Back in the real world, Scott places a lantern on the ocean in memory of Chizuru. Kyo decides to keep the family tradition by continuing with the tournament. He reflects on his late father's teachings while Iori stares at him from the other side of the pier.

==Cast==

===Savior Team===
- Sean Faris as Kyo Kusanagi: A Japanese American motorcycle enthusiast and the son of Japanese martial artist Saisyu Kusanagi. He is also a descendant of the Kusanagi clan. Keanu Lam also portrays Kyo in his teen years. Faris spent a month learning how to use a katana in preparing for his role and took up basic Karate.
- Maggie Q as Mai Shiranui: An undercover CIA operative, MMA fighter, and the girlfriend of Iori.
- Will Yun Lee as Iori Yagami: a King of Fighters participant, a descendant of the Yagami clan, and the boyfriend of Mai.

===Rugal Team===
- Ray Park as Rugal Bernstein: A mysterious tyrannical fighter and leader of his own namesake K.O.F. team, the criminal from Europe takes over the King of Fighters dimension.
- Monique Ganderton as Mature: A femme fatale KOF participant and Vice's lover, who is lured into the tournament dimension and brainwashed by Rugal, her weapon of choice is a tonfa.
- Bernice Liu as Vice: She is the second femme fatale KOF participant and Mature's lover. Alongside Mature, she also becomes the enslaved servitress of Rugal.

===Other fighters===
- Françoise Yip as Chizuru Kagura: Descendant of the Kagura clan and host of the King of Fighters tournament. Due to a bullet injury, Mai takes Chizuru's place on the Savior Team with Iori and Kyo in the KOF tournament.
- Hiro Kanagawa as Saisyu Kusanagi: Descendant of the Kusanagi clan, the father of Kyo, and the keeper of the Kusanagi Sword. His appearance resembles that of Takuma Sakazaki from Art of Fighting.
- David Leitch as Terry Bogard: A skeptical CIA agent and amateur street fighter who investigates on the activities of the KOF tournament by being the assist fighter of the Savior Team. Leitch was also the film's fight choreographer.
- Sam Hargrave as Mr. Big: a wealthy crime boss and Eskrima master from Australia who challenges Mai during her first match, he is the only fighter in the film to not appear on the original KOF '98 roster from the game.

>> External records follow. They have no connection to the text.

Lemma strong_cvg_conj (B : H -> H) u : bounded_op ip B ->
  strong_cvg ip (nbhs (0 : 'rV[R]_n)) (fun z => U z (B (U (- z) u))) (B u).
Proof.
move=> boundB; have [unitU _] := repU.
apply: (strong_cvg_unitary ipH unitU _ (weakly_continuous_strong_cvg0 (B u))).
apply: (strong_cvg_bounded_op ipH boundB).
have N0 : - z @[z --> (0 : 'rV[R]_n)] --> (0 : 'rV[R]_n).
  have := cvgN (F := nbhs (0 : 'rV[R]_n)) (f := id) (a := 0) cvg_id.
  by rewrite oppr0; apply.
exact: (cvg_comp _ (fun z => normsq ip (U z u - u)) N0
  (weakly_continuous_strong_cvg0 u)).
Qed.

Variable P : 'rV[R]_n -> H -> H.
Hypotheses (boundP : forall x, bounded_op ip (P x))
  (covP : forall x z v, U z (P x (U (- z) v)) = P (x + z) v).

Lemma strong_cvg_translate x w :
  strong_cvg ip (nbhs (0 : 'rV[R]_n)) (fun z => P (x + z) w) (P x w).
Proof.
rewrite -(funext (fun z => covP x z w)).
exact: strong_cvg_conj (boundP x).
Qed.

Hypothesis n_gt0 : (0 < n)%N.

Lemma comm_eq0_at_coincidence A x v : bounded_op ip A ->
  (forall y, x != y -> comm A (P y) v = 0) -> comm A (P x) v = 0.
Proof.
move=> boundA comm0.
apply: (strong_cvg_dnbhs_eq0 ipH (const_mx1_neq0 R n_gt0) (a := 0)
  (f := fun z => comm A (P (x + z)) v)); last first.
  by move=> z z0; apply: comm0; apply: neq_addr.
apply: (strong_cvgB ipH _ (strong_cvg_translate x (A v))).
exact: (strong_cvg_bounded_op ipH (FF := nbhs_filter _) boundA
  (strong_cvg_translate x v)).
Qed.

Lemma acomm_eq0_at_coincidence A x v : bounded_op ip A ->
  (forall y, x != y -> acomm A (P y) v = 0) -> acomm A (P x) v = 0.
Proof.
move=> boundA acomm0.
apply: (strong_cvg_dnbhs_eq0 ipH (const_mx1_neq0 R n_gt0) (a := 0)
  (f := fun z => acomm A (P (x + z)) v)); last first.
  by move=> z z0; apply: acomm0; apply: neq_addr.
apply: (strong_cvgD ipH _ (strong_cvg_translate x (A v))).
exact: (strong_cvg_bounded_op ipH (FF := nbhs_filter _) boundA
  (strong_cvg_translate x v)).
Qed.

End UnitaryRepresentation.

Theorem corollary1 (R : realType) (d : nat) (hd : (2 <= d)%N)
  (H : lmodType (Cx R)) (ip : H -> H -> Cx R) (hH : is_hilbert ip)
  (U : 'rV[R]_(d.-1) -> H -> H) (hU : unitary_rep ip U)
  (psi pi : Mink R d -> H -> H)
  (hpsi : forall p, bounded_op ip (psi p))
  (hpi : forall p, bounded_op ip (pi p))
  (h1 : weakly_continuous ip U)
  (h2 : forall (y x : 'rV[R]_(d.-1)) (t : R) (Ud : H -> H),
      adjoint_of ip (U y) Ud ->
      forall v : H, U y (pi (t, x) (Ud v)) = pi (t, x + y) v) :
  forall t : R,
    ((forall x y : 'rV[R]_(d.-1), x != y ->
        forall v : H, comm (psi (t, x)) (pi (t, y)) v = 0) <->
     (forall x y : 'rV[R]_(d.-1),
        forall v : H, comm (psi (t, x)) (pi (t, y)) v = 0)) /\
    ((forall x y : 'rV[R]_(d.-1), x != y ->
        forall v : H, acomm (psi (t, x)) (pi (t, y)) v = 0) <->
     (forall x y : 'rV[R]_(d.-1),
        forall v : H, acomm (psi (t, x)) (pi (t, y)) v = 0)).
Proof.
move=> t; have ipH := hH.1.
have d_gt0 : (0 < d.-1)%N by rewrite -subn1 subn_gt0.
have covpi x z v : U z (pi (t, x) (U (- z) v)) = pi (t, x + z) v.
  exact: h2 (unitary_rep_adjoint hU z) v.
have boundpi x : bounded_op ip (pi (t, x)) by apply: hpi.
split.
- split=> [comm0 x y v | comm0 x y _ v]; last exact: comm0.
  have [<-|xy] := eqVneq x y; last exact: comm0 xy v.
  apply: (comm_eq0_at_coincidence ipH hU h1 boundpi covpi d_gt0 (hpsi (t, x))).
  by move=> z xz; apply: comm0.
- split=> [acomm0 x y v | acomm0 x y _ v]; last exact: acomm0.
  have [<-|xy] := eqVneq x y; last exact: acomm0 xy v.
  apply: (acomm_eq0_at_coincidence ipH hU h1 boundpi covpi d_gt0 (hpsi (t, x))).
  by move=> z xz; apply: acomm0.
Qed.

===Non-canon characters===
- Mike Dopud as CIA Agent
- Doug Abrahams as Mick O'Meara
- Candus Churchill as Berta
- Robin Nielsen as Junior Agent
- Scott Patey as Scott Hana
- Toshi Haraguchi as Takao Iwata

==Production==
Filming began on November 3, 2008, at Aja Tan Studios, North Vancouver, British Columbia, Canada and finished on January 19, 2009.

==Reception==

===Release===
The King of Fighters was released direct-to-DVD in the United States on September 7, 2010, through Vivendi Home Entertainment. It was re-released in the U.S. by Well Go USA Entertainment.

===Criticism===
Beyond Hollywood gave the film a negative review, saying that this movie:

"wastes a lot of unnecessary time trying to convince itself that the audience needs to know everything there is to know about its history (we don't, by the way), when it should have just accepted that it's a movie based on a 2D fighting game, spend 10 minutes tops on the explanations, and get to the fighting already."

Felix Vasquez, Jr. of Cinema Crazed gave the film one-and-a-half out of four stars, commenting:

"Yet another semi-classic video game from the nineties is butchered in to yet another half assed lazily made film"

==Reboot==
Ledo Millennium announced that they are working with 37 Mutual Entertainment for new animated and live action adaptations of The King of Fighters.